At the same time, for holistic professionals, such as myself, it is high time to make distinctions between health approaches that are grounded in research; other traditional approaches which may not be; and other approaches which have been shown by science to be based in falsity, or forms that seem to exploit people’s desire for alternatives by offering solutions that border on or are certainly quackery. People can choose to believe in things that are false or unproven. But the holistic field needs to recognize again the real value of wholeness and not let its credibility be destroyed by what are less effective or blatantly ineffective substitutes for pharmaceuticals.
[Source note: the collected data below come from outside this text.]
Lemma sum_classes (F : T -> R) :
  \sum_(c < m_of W) \sum_(u in other_groups | rounded u == nth 0 (dsizes W) c) F u =
  \sum_(u in other_groups) F u.
Proof.
under eq_bigr => c _ do rewrite big_mkcondr /=.
rewrite exchange_big /=; apply: eq_bigr => u u_other.
have -> : \sum_(c < m_of W) (if rounded u == nth 0 (dsizes W) c then F u else 0) =
    (count_mem (rounded u) (dsizes W))%:R * F u.
  rewrite -(big_mkord xpredT (fun c => if rounded u == nth 0 (dsizes W) c then F u else 0)).
  rewrite -(big_nth 0 xpredT (fun v => if rounded u == v then F u else 0)) -big_mkcond /=.
  rewrite -sum1_count natr_sum mulr_suml (eq_bigl (pred1 (rounded u))) => [|v].
    by apply: eq_bigr => v _; rewrite mul1r.
  exact: eq_sym.
by rewrite count_uniq_mem ?undup_uniq // mem_undup map_f ?mem_enum // mul1r.
Qed.

Lemma bin_config_is_config B : load sz B <= S -> is_config S (bin_config B).
Proof.
move=> B_le; apply/andP; split.
  by apply/forallP => c; rewrite bin_configE class_count_le.
apply: le_trans B_le.
have -> : \sum_c (bin_config B c : nat)%:R * nth 0 (dsizes W) c =
    \sum_(u in other_groups) (shift u \in B)%:R * rounded u.
  rewrite -sum_classes; apply: eq_bigr => c _.
  by rewrite bin_configE natr_sum mulr_suml; apply: eq_bigr => u /andP[_ /eqP ->].
apply: (@le_trans _ _ (\sum_(u in other_groups | shift u \in B) sz (shift u))).
  rewrite [X in _ <= X]big_mkcondr /=; apply: ler_sum => u u_other.
  by case: (shift u \in B); rewrite ?mul0r ?mul1r ?rounded_le_shift.
rewrite -(big_imset_cond _ (fun j => j \in B) sz shift_inj) /load.
rewrite [X in _ <= X]big_mkcond [X in X <= _]big_mkcond /=; apply: ler_sum => j _.
by case: (j \in B); rewrite ?andbT ?andbF //; case: ifP.
Qed.

Definition packing_solution (Q : seq {set T}) (a : cvec W) : R :=
  \sum_(B <- Q) (bin_config B == a)%:R.

Lemma sum_packing_solution Q (h : cvec W -> R) :
  (forall B, B \in Q -> load sz B <= S) ->
  \sum_(a | is_config S a) h a * packing_solution Q a = \sum_(B <- Q) h (bin_config B).
Proof.
move=> Q_le; under eq_bigr => a _ do rewrite mulr_sumr.
rewrite exchange_big /= big_seq [RHS]big_seq; apply: eq_bigr => B B_Q.
rewrite (bigD1 (bin_config B)) ?bin_config_is_config ?Q_le //= eqxx mulr1 big1 ?addr0 //.
by move=> a /andP[_ ne_a]; rewrite eq_sym (negbTE ne_a) mulr0.
Qed.

Lemma packing_solution_feasible Q :
  ktimes_packing S sz [set: T] k Q -> Fk_feasible S W k (packing_solution Q).
Proof.
move=> PQ; have [Q_le Q_copies] := PQ.
have Q_le' B : B \in Q -> load sz B <= S by case/Q_le.
split=> [a|]; first by apply: sumr_ge0 => B _; rewrite ler0n.
split=> [a not_config | c].
  rewrite /packing_solution big_seq big1 // => B B_Q.
  by case: eqP => // eq_a; rewrite -eq_a bin_config_is_config ?Q_le' in not_config.
rewrite (sum_packing_solution (fun a => (a c : nat)%:R) Q_le').
under eq_bigr => B _ do rewrite bin_configE natr_sum.
rewrite exchange_big /= mult_class_count /class_count big_distrr natr_sum /=.
apply: eq_bigr => u _; rewrite -natr_count finset.in_setT muln1.
by rewrite (Q_copies (shift u)) ?finset.in_setT.
Qed.

Lemma packing_solution_obj Q :
  ktimes_packing S sz [set: T] k Q -> Fk_obj S W (packing_solution Q) = (size Q)%:R.
Proof.
case=> Q_le _; have := sum_packing_solution (fun _ => 1) (fun B B_Q => (Q_le B B_Q).2).
under eq_bigr => a _ do rewrite mul1r.
by rewrite /Fk_obj => ->; rewrite -sum1_size natr_sum.
Qed.

Lemma LIN_rounded_le Q : ktimes_packing S sz [set: T] k Q -> LIN S W k <= (size Q)%:R.
Proof.
move=> PQ; rewrite -(packing_solution_obj PQ); apply: ge_inf.
  by exists 0 => _ [x [x_ge0 _] <-]; apply: sumr_ge0 => a _.
by exists (packing_solution Q); first exact: packing_solution_feasible.
Qed.

End LinearGrouping.

Section BlockedBins.
Variable R : realFieldType.
Implicit Types S F O Y d e kk nn : R.

Lemma blocked_bins_le_eps S F O d e kk :
  0 < S -> 0 < e <= 1 / 2 -> 1 <= kk -> 0 <= F -> 0 <= O ->
  d <= e * S -> F * (S - d) <= O * S -> F <= (1 + 2 * kk * e) * O.
Proof.
move=> S_gt0 /andP[e_gt0 e_le] kk_ge1 F_ge0 O_ge0 d_le FS_le.
have F_le : F * (1 - e) <= O.
  by rewrite -(ler_pM2r S_gt0); apply: le_trans FS_le; nra.
have : 0 <= F * e * (1 - 2 * e) by apply: mulr_ge0; [apply: mulr_ge0 | lra]; lra.
have : 0 <= 2 * e * O * (kk - 1) by apply: mulr_ge0; [apply: mulr_ge0 | lra]; nra.
nra.
Qed.

Lemma blocked_bins_lt_inv_n S F O Y d kk nn :
  0 < S -> 1 <= nn -> 0 <= F -> nn * d <= S ->
  F * (S - d) < Y -> Y <= O * S -> Y <= kk * (nn - 1) * S -> F < O + kk.
Proof.
move=> S_gt0 nn_ge1 F_ge0 nd_le FS_lt Y_le_O Y_le_kk.
have lhs : F * (nn - 1) * S < nn * Y.
  have : F * (nn - 1) * S <= nn * (F * (S - d)).
    have gap : nn * (F * (S - d)) - F * (nn - 1) * S = F * (S - nn * d) by ring.
    by rewrite -subr_ge0 gap mulr_ge0 // subr_ge0.
  by move/le_lt_trans; apply; rewrite ltr_pM2l //; lra.
have nn_gt1 : 1 < nn.
  rewrite lt_neqAle nn_ge1 andbT; apply/eqP => nn1.
  by move: lhs Y_le_kk; rewrite -nn1 subrr mulr0 mul0r mul1r mulr0 mul0r; lra.
rewrite -(ltr_pM2r S_gt0) -(ltr_pM2l (_ : 0 < nn - 1)); [nra | lra].
Qed.

End BlockedBins.

Section Algorithm.
Variables (R : realType) (n : nat) (S : R) (D : 'I_n -> R) (k : nat) (eps : R).
Hypotheses (S_gt0 : 0 < S) (D_gt0 : forall i, 0 < D i) (D_le : forall i, D i <= S).
Hypotheses (k_gt0 : (0 < k)%N) (eps_gt0 : 0 < eps) (eps_le : eps <= 1 / 2).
People, myself included, often like the simplicity of taking a pill. Sometimes it is the very best solution to a heath problem. However, so often the pill doesn’t address the lifestyle that gave rise to complaint. Ultimately healthcare needs to look at life choices that can give rise to the adverse conditions. Ultimately, we need to look at the overall health of our society and support preventative solutions. Many of these are embodied by holistic healthcare at its best. Because holistic doesn’t really refer just to my health or yours. Holistic by definition looks at the whole. Ultimately we all create our environment together. That affects every one of us. A few years ago, a scholar, Samuel S. Epstein, published a book “The Politics of Cancer” in which he showed in so many cases the cure is already known! It is to clean up the carcinogens being using world-wide. “Researchers have estimated that as many as 2 in 3 cases of cancer (67%) are linked to some type of environmental factor” (National Cancer Institute). Now this book, researchers, and their vital conclusions are largely buried with people hoping for after-the-fact responses with pills, chemicals and surgery.
But let us be clear. Holism is simply the correct approach to health.
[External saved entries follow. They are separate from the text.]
(* Let $\theta=(k_r)$ be a lacunary sequence, $m\ge0$ an integer, $0<\beta\le1$ and $0<p<\infty$. If $\liminf_r q_r>1$, then $w_p^\beta(F,\Delta^m)\subseteq N_\theta^\beta(p,F,\Delta^m)$.
   Context: A fuzzy number is a map $X:\mathbb{R}\to[0,1]$ which is normal, fuzzy convex, upper semicontinuous, with compact closure of $\{t:X(t)>0\}$; $L(\mathbb{R})$ is the set of fuzzy numbers. Level sets $[X]^\alpha=\{t:X(t)\ge\alpha\}$ ($\alpha\in(0,1]$), $[X]^0=\overline{\{t:X(t)>0\}}$, are compact intervals $[u^\alpha,v^\alpha]$. Subtraction: $[X-Y]^\alpha=[u_1^\alpha-v_2^\alpha,v_1^\alpha-u_2^\alpha]$. Metric: $d(X,Y)=\sup_{\alpha\in[0,1]}\max\{|u_1^\alpha-u_2^\alpha|,|v_1^\alpha-v_2^\alpha|\}$. $(\Delta^0X)_k=X_k$, $(\Delta^1X)_k=X_k-X_{k+1}$, $(\Delta^mX)_k=(\Delta^1(\Delta^{m-1}X))_k$. A lacunary sequence is an increasing integer sequence $\theta=(k_r)_{r\ge0}$ with $k_0=0$, $h_r=k_r-k_{r-1}\to\infty$; $I_r=(k_{r-1},k_r]$, $q_r=k_r/k_{r-1}$. $N_\theta^\beta(p,F,\Delta^m)$: sequences $X$ of fuzzy numbers with some $X_0\in L(\mathbb{R})$ such that $\lim_r\frac{1}{h_r^\beta}\sum_{k\in I_r}d(\Delta^mX_k,X_0)^p=0$. $w_p^\beta(F,\Delta^m)$: sequences $X$ with some $X_0\in L(\mathbb{R})$ such that $\lim_{n\to\infty}\frac{1}{n^\beta}\sum_{k=1}^n d(\Delta^mX_k,X_0)^p=0$. *)

From HB Require Import structures.
From mathcomp Require Import all_boot all_order all_algebra.
From mathcomp Require Import all_classical all_reals all_analysis.
Set Implicit Arguments. Unset Strict Implicit. Unset Printing Implicit Defensive.
Import Order.TTheory GRing.Theory Num.Theory.
Import numFieldNormedType.Exports.
Local Open Scope classical_set_scope.
Local Open Scope ring_scope.

Section Fuzzy.
Variable R : realType.

Definition fuzzy := R -> R.

Definition is_fuzzy (X : fuzzy) : Prop :=
  [/\ (forall t, 0 <= X t <= 1),
      (exists t, X t = 1),
      (forall s t l, 0 <= l <= 1 -> Num.min (X s) (X t) <= X (l * s + (1 - l) * t)),
      (forall t e, 0 < e -> \forall s \near t, X s < X t + e) &
      compact (closure [set t | 0 < X t])].

Definition level (X : fuzzy) (a : R) : set R :=
  if 0 < a then [set t | a <= X t] else closure [set t | 0 < X t].

Definition lo (X : fuzzy) (a : R) : R := inf (level X a).
Definition hi (X : fuzzy) (a : R) : R := sup (level X a).

(* X - Y: the fuzzy number whose a-level sets are
   [u1^a - v2^a, v1^a - u2^a]; its membership function is recovered from
   the level sets by (X - Y)(t) = sup {a in [0,1] | t in [X - Y]^a}. *)
Definition fsub (X Y : fuzzy) : fuzzy := fun t =>
  sup [set a | a = 0 \/ (0 < a <= 1 /\ lo X a - hi Y a <= t <= hi X a - lo Y a)].

Definition fdist (X Y : fuzzy) : R :=
  sup [set e | exists a, 0 <= a <= 1 /\
        e = Num.max `|lo X a - lo Y a| `|hi X a - hi Y a|].

Fixpoint fdelta (m : nat) (X : nat -> fuzzy) (k : nat) : fuzzy :=
  match m with
  | 0 => X k
  | m'.+1 => fsub (fdelta m' X k) (fdelta m' X k.+1)
  end.

Definition hr (th : nat -> nat) (r : nat) : nat := (th r - th r.-1)%N.

Definition lacunary (th : nat -> nat) : Prop :=
  [/\ th 0 = 0%N, (forall r, (th r < th r.+1)%N) &
      (forall M : nat, exists N : nat, forall r, (N <= r)%N -> (M <= hr th r)%N)].

Definition qr (th : nat -> nat) (r : nat) : R := (th r)%:R / (th r.-1)%:R.

Definition N_theta (th : nat -> nat) (p b : R) (m : nat) : set (nat -> fuzzy) :=
  [set X | (forall k, is_fuzzy (X k)) /\
     exists X0, is_fuzzy X0 /\
       (fun r => (\sum_((th r.-1).+1 <= k < (th r).+1)
                    powR (fdist (fdelta m X k) X0) p) / powR (hr th r)%:R b)
         @ \oo --> (0 : R)].

Definition w_space (p b : R) (m : nat) : set (nat -> fuzzy) :=
  [set X | (forall k, is_fuzzy (X k)) /\
     exists X0, is_fuzzy X0 /\
       (fun n : nat => (\sum_(1 <= k < n.+1) powR (fdist (fdelta m X k) X0) p)
                         / powR n%:R b)
         @ \oo --> (0 : R)].

End Fuzzy.

From HB Require Import structures.
From mathcomp Require Import all_boot all_order all_algebra.
From mathcomp Require Import all_classical all_reals all_analysis.
From mathcomp Require Import lra.
Set Implicit Arguments. Unset Strict Implicit.
Import Order.TTheory GRing.Theory Num.Theory.
Import numFieldNormedType.Exports.
Local Open Scope classical_set_scope.
Local Open Scope ring_scope.

(* Fix [c] with [1 < c <= q_r] for all large [r].  Then [k_(r-1) <= k_r / c],
   so [h_r = k_r - k_(r-1) >= (1 - 1/c) k_r], and since [I_r] is contained in
   [1, k_r] the block average over [I_r] is at most [(1 - 1/c)^(-beta)] times
   the Cesaro-type average up to [k_r].  The latter tends to [0] along the
   subsequence [k_r] because [w_p^beta] membership says it does along all [n]. *)

Lemma gt_limn_einf (R : realType) (a : R) (u : R^nat) :
  (a%:E < limn_einf (fun n => (u n)%:E))%E ->
  exists2 c, a < c & \forall n \near \oo, c <= u n.
Proof.
rewrite limn_einf_lim (cvg_lim _ (@cvg_einfs_sup _ _)) //.
move=> /ereal_sup_gt[_ [N _ <-]].
have einfs_le n : (N <= n)%N -> (einfs (fun n => (u n)%:E) N <= (u n)%:E)%E.
  by move=> Nn; apply: ereal_inf_lbound; exists n.
move: einfs_le; case: (einfs _ N) => [r| |] // einfs_le.
- rewrite lte_fin => ar; exists ((a + r) / 2); first lra.
  by exists N => // n /einfs_le; rewrite lee_fin => rn; lra.
- by move=> _; exists (a + 1); [lra | exists N => // n /einfs_le].
Qed.

Lemma leq_incr_id (f : nat -> nat) : (forall n, (f n < f n.+1)%N) ->
  forall n, (n <= f n)%N.
Proof. by move=> f_incr; elim=> // n IH; apply: leq_ltn_trans IH (f_incr n). Qed.

Lemma cvgn_incr_infty (f : nat -> nat) : (forall n, (f n < f n.+1)%N) ->
  f @ \oo --> \oo.
Proof.
move=> f_incr P [N _ NP]; exists N => // n /= Nn; apply: NP => /=.
exact: leq_trans Nn (leq_incr_id f_incr n).
Qed.

Lemma subr_ge_ratio (R : realFieldType) (c x y : R) : 0 < c ->
  c * y <= x -> (1 - c^-1) * x <= x - y.
Proof.
move=> c_gt0 cy_le_x.
by rewrite mulrBl mul1r lerD2l lerN2 mulrC ler_pdivlMr // mulrC.
Qed.

Section block_average.
Variables (R : realType) (a : nat -> R) (b c : R).
Hypotheses (a_ge0 : forall k, 0 <= a k) (b_ge0 : 0 <= b) (c_gt1 : 1 < c).

Lemma block_sum_le (j n : nat) : (j <= n)%N ->
  \sum_(j.+1 <= k < n.+1) a k <= \sum_(1 <= k < n.+1) a k.
Proof.
move=> jn; rewrite [leRHS](big_cat_nat _ (n := j.+1)) //= lerDr.
by apply: sumr_ge0 => k _.
Qed.

Lemma block_average_le (j n : nat) : (0 < j)%N -> c * j%:R <= n%:R ->
  (\sum_(j.+1 <= k < n.+1) a k) / powR (n - j)%:R b <=
  (powR (1 - c^-1) b)^-1 * ((\sum_(1 <= k < n.+1) a k) / powR n%:R b).
Proof.
move=> j_gt0 cj_le_n.
have j_gt0R : 0 < j%:R :> R by rewrite ltr0n.
have jn : (j < n)%N by rewrite -(ltr_nat R) (lt_le_trans _ cj_le_n) ?ltr_pMl.
have n_gt0R : 0 < n%:R :> R by rewrite ltr0n (leq_ltn_trans _ jn).
have e_gt0 : 0 < 1 - c^-1 by rewrite subr_gt0 invf_lt1 ?(lt_trans ltr01 c_gt1).
have hn_ge : powR (1 - c^-1) b * powR n%:R b <= powR (n - j)%:R b.
  rewrite -powRM ?(ltW e_gt0) ?(ltW n_gt0R) //.
  apply: ge0_ler_powR; rewrite ?nnegrE ?mulr_ge0 ?(ltW e_gt0) ?(ltW n_gt0R) //.
  by rewrite natrB ?(ltnW jn) // subr_ge_ratio ?(lt_trans ltr01 c_gt1).
have pe_gt0 : 0 < powR (1 - c^-1) b by apply: powR_gt0.
have pn_gt0 : 0 < powR n%:R b by apply: powR_gt0.
have S_ge0 : 0 <= \sum_(1 <= k < n.+1) a k by apply: sumr_ge0 => k _.
have inv_ge0 : 0 <= (powR (n - j)%:R b)^-1 by rewrite invr_ge0 powR_ge0.
apply: le_trans (ler_wpM2r inv_ge0 (block_sum_le (ltnW jn))) _.
rewrite mulrCA -invfM ler_wpM2l // lef_pV2 ?posrE ?mulr_gt0 //.
exact: lt_le_trans (mulr_gt0 pe_gt0 pn_gt0) hn_ge.
Qed.

End block_average.

Theorem theorem2p14 (R : realType) (th : nat -> nat) (m : nat) (b p : R) :
  lacunary th -> 0 < b <= 1 -> 0 < p ->
  (1%:E < limn_einf (fun r => (qr R th r)%:E))%E ->
  w_space p b m `<=` N_theta th p b m.
Proof.
move=> [_ th_incr _] /andP[b_gt0 _] _ /gt_limn_einf[c c_gt1 c_le_q].
move=> X [X_fuzzy [X0 [X0_fuzzy avg_cvg0]]]; split=> //; exists X0; split=> //.
set a := fun k => powR (fdist (fdelta m X k) X0) p.
have a_ge0 k : 0 <= a k by apply: powR_ge0.
set avg := fun n : nat => (\sum_(1 <= k < n.+1) a k) / powR n%:R b.
have avg_th_cvg0 : avg \o th @ \oo --> 0.
  exact: cvg_comp (cvgn_incr_infty th_incr) avg_cvg0.
have bound_cvg0 : (fun r => (powR (1 - c^-1) b)^-1 * avg (th r)) @ \oo --> 0.
  by rewrite -(mulr0 (powR (1 - c^-1) b)^-1); exact: cvgMl_tmp.
apply: (squeeze_cvgr _ (cvg_cst 0) bound_cvg0).
near=> r.
have th_pred_gt0 : (0 < th r.-1)%N.
  apply: leq_trans (leq_incr_id th_incr r.-1).
  by near: r; exists 2%N => // -[|[|r]].
have c_th_le : c * (th r.-1)%:R <= (th r)%:R.
  by rewrite -ler_pdivlMr ?ltr0n //; near: r.
apply/andP; split.
  by rewrite divr_ge0 ?powR_ge0 //; apply: sumr_ge0 => k _; exact: a_ge0.
exact: (block_average_le a_ge0 (ltW b_gt0) c_gt1 th_pred_gt0 c_th_le).
Unshelve. all: end_near.
Qed.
The cure for so much illness in our world is an appropriate combination of disease-care and health-care applied to both the individuals and to our world. This is the vast importance of holism. We should prevent the social tragedy of holism being on the one hand discounted by the overly narrow-minded as well as co-opted by certain people who promote false solutions to people’s problems.
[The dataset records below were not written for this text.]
Lemma tbounded_bounded f : tbounded f -> exists2 M, 0 <= M & forall g, rnorm (f g) <= M.
Proof.
move=> /(_ 1 ltr01)[F FP]; have F0 : 0 <= \sum_(y <- F) rnorm y.
  by rewrite sumr_ge0 // => y _; exact: rnorm_ge0.
exists (\sum_(y <- F) rnorm y + 1) => [|g]; first by rewrite addr_ge0.
have [x xF fx] := FP g; rewrite -(subrK x (f g)) addrC.
apply: le_trans (rnormD _ _) _; apply: lerD; last exact: ltW.
rewrite (big_rem x xF) /= lerDl sumr_ge0 // => y _; exact: rnorm_ge0.
Qed.

Lemma tbounded_approx f :
    (forall e, 0 < e -> exists p, tbounded p /\ forall g, rnorm (f g - p g) <= e) ->
  tbounded f.
Proof.
move=> approx e e0; have e2 : 0 < e / 2 by lra.
have [p [tbp fp]] := approx _ e2; have [F FP] := tbp _ e2.
exists F => g; have [x xF px] := FP g; exists x => //.
rewrite -(subrK (p g) (f g)) -addrA; apply: le_lt_trans (rnormD _ _) _.
by have := fp g; lra.
Qed.

Variables (mul : A -> A -> A) (star : A -> A).
Hypothesis HC : is_Cstar_algebra mul star.

Lemma tbounded_star f : tbounded f -> tbounded (fun g => star (f g)).
Proof.
move=> tbf e /tbf[F FP]; exists (map star F) => g.
have [x xF fx] := FP g; exists (star x); first exact: map_f.
by rewrite -(cstarB HC) (rnorm_star HC).
Qed.

Lemma tbounded_mul f p : tbounded f -> tbounded p -> tbounded (fun g => mul (f g) (p g)).
Proof.
move=> tbf tbp e e0.
have [M1 M1_ge0 fM1] := tbounded_bounded tbf.
have [M2 M2_ge0 pM2] := tbounded_bounded tbp.
have D0 : 0 < M1 + M2 + e + 1 by lra.
have dE : e / (M1 + M2 + e + 1) * (M1 + M2 + e + 1) = e by rewrite mulfVK ?gt_eqF.
have d0 : 0 < e / (M1 + M2 + e + 1) by apply: divr_gt0.
set d := e / _ in d0 dE.
have [F1 F1P] := tbf _ d0; have [F2 F2P] := tbp _ d0.
exists [seq mul x y | x <- F1, y <- F2] => g.
have [x xF fx] := F1P g; have [y yF py] := F2P g.
exists (mul x y); first exact: (allpairs_f mul).
have -> : mul (f g) (p g) - mul x y = mul (f g) (p g - y) + mul (f g - x) y.
  by rewrite (cmulBr HC) (cmulBl HC) addrA subrK.
apply: le_lt_trans (rnormD _ _) _.
have y_le : rnorm y <= M2 + rnorm (p g - y).
  rewrite -{1}(subKr (p g) y); apply: le_trans (rnormD _ _) _.
  by rewrite rnormN lerD.
have := rnormM HC (f g) (p g - y); have := rnormM HC (f g - x) y.
have := fM1 g; have := rnorm_ge0 (f g); have := rnorm_ge0 y.
have := rnorm_ge0 (p g - y); have := rnorm_ge0 (f g - x); nra.
Qed.

Lemma tbounded_foldl f (T : K -> A -> A) s :
    tbounded f -> (forall y, y \in s -> tbounded (T^~ y)) ->
  tbounded (fun g => foldl mul (f g) (map (T g) s)).
Proof.
elim: s f => [|y s IH] f tbf tbs //=.
apply: (IH (fun g => mul (f g) (T g y))) => [|z zs].
  by apply: tbounded_mul => //; apply: tbs; rewrite mem_head.
by apply: tbs; rewrite in_cons zs orbT.
Qed.

End TotallyBoundedFamilies.

Section GeneratedFamilies.
Variables (R : realType) (A : completeNormedModType R[i]).
Variables (mul : A -> A -> A) (star : A -> A).
Hypothesis HC : is_Cstar_algebra mul star.
Variables (K : Type) (tau : K -> A -> A) (V : set A).
Hypothesis tau_shom : forall g, is_star_hom mul star (tau g).
Hypothesis tbV : forall y, V y -> tbounded (fun g => tau g y).

Lemma tbounded_pstar v : pstar mul star V v -> tbounded (fun g => tau g v).
Proof.
case=> n [c [w [w_nil [w_letters ->]]]].
have tb_letter i y : y \in w i -> tbounded (fun g => tau g y).
  case/w_letters => [/tbV //|[b /tbV tbb ->]].
  have -> : (fun g => tau g (star b)) = (fun g => star (tau g b)).
    by apply: funext => g; rewrite (shomS (tau_shom g)).
  exact: (tbounded_star HC).
have -> : (fun g => tau g (\sum_(i < n) c i *: word_prod mul (w i))) =
          (fun g => \sum_(i < n) c i *: word_prod mul (map (tau g) (w i))).
  apply: funext => g.
  rewrite (big_morph (tau g) (shomD (tau_shom g)) (shom0 (tau_shom g))).
  by apply: eq_bigr => i _; rewrite (shomZ (tau_shom g)) (shom_word_prod (tau_shom g)).
apply: tbounded_sum => i; apply: tboundedZ.
move: (w_nil i) (tb_letter i); case: (w i) => [//|x s] _ tbw /=.
by apply: (tbounded_foldl HC) => [|y ys]; apply: tbw; rewrite ?mem_head // in_cons ys orbT.
Qed.

End GeneratedFamilies.

Theorem proposition5p3 (R : realType) (A : completeNormedModType R[i])
    (mul : A -> A -> A) (star : A -> A)
    (K : Type) (tau : K -> A -> A) (V : set A) :
  is_Cstar_algebra mul star ->
  (forall g : K, is_star_hom mul star (tau g)) ->
  closure (pstar mul star V) = setT ->
  (forall g : K, tau g @` V `<=` pstar mul star V) ->
  (forall a : A, V a -> totally_bounded_set [set tau g a | g in [set: K]]) ->
  forall a : A, totally_bounded_set [set tau g a | g in [set: K]].
Proof.
move=> HC tau_shom dense _ tbV a; apply/tboundedP/tbounded_approx => e e0.
have e3 : 0 < e / 3 by lra.
have [v pVv av] : exists2 v, pstar mul star V v & rnorm (a - v) < e / 3.
  have : closure (pstar mul star V) a by rewrite dense.
  case/(_ (ball a (e / 3)%:C%C)); first by apply: nbhsx_ballx; rewrite ltcR.
  by move=> v [pVv]; rewrite -ball_normE /= rnorm_ltc; exists v.
exists (fun g => tau g v); split.
  by apply: (tbounded_pstar HC tau_shom (V := V)) => // y /tbV /tboundedP.
move=> g; rewrite -(shomB (tau_shom g)).
by apply: le_trans (rnorm_shom (tau_shom g) HC _) _; lra.
Qed.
Holism presents us with an explicit model for a healthy world. This is the vision of a peaceful world in which people are equipped by the educational and healthcare systems to lead optimized lives. Healthy iives are lived with the whole in mind, so we do not see health as an individual property, but as the work of each one of us for our own sake and for the sake of the world we live in. The work of creating this world is viewed as almost utopian, given the many obstacles humanity puts in our own way. But health means whole and if there is anything worth working hard to achieve it is the health of this whole earth and everyone in it.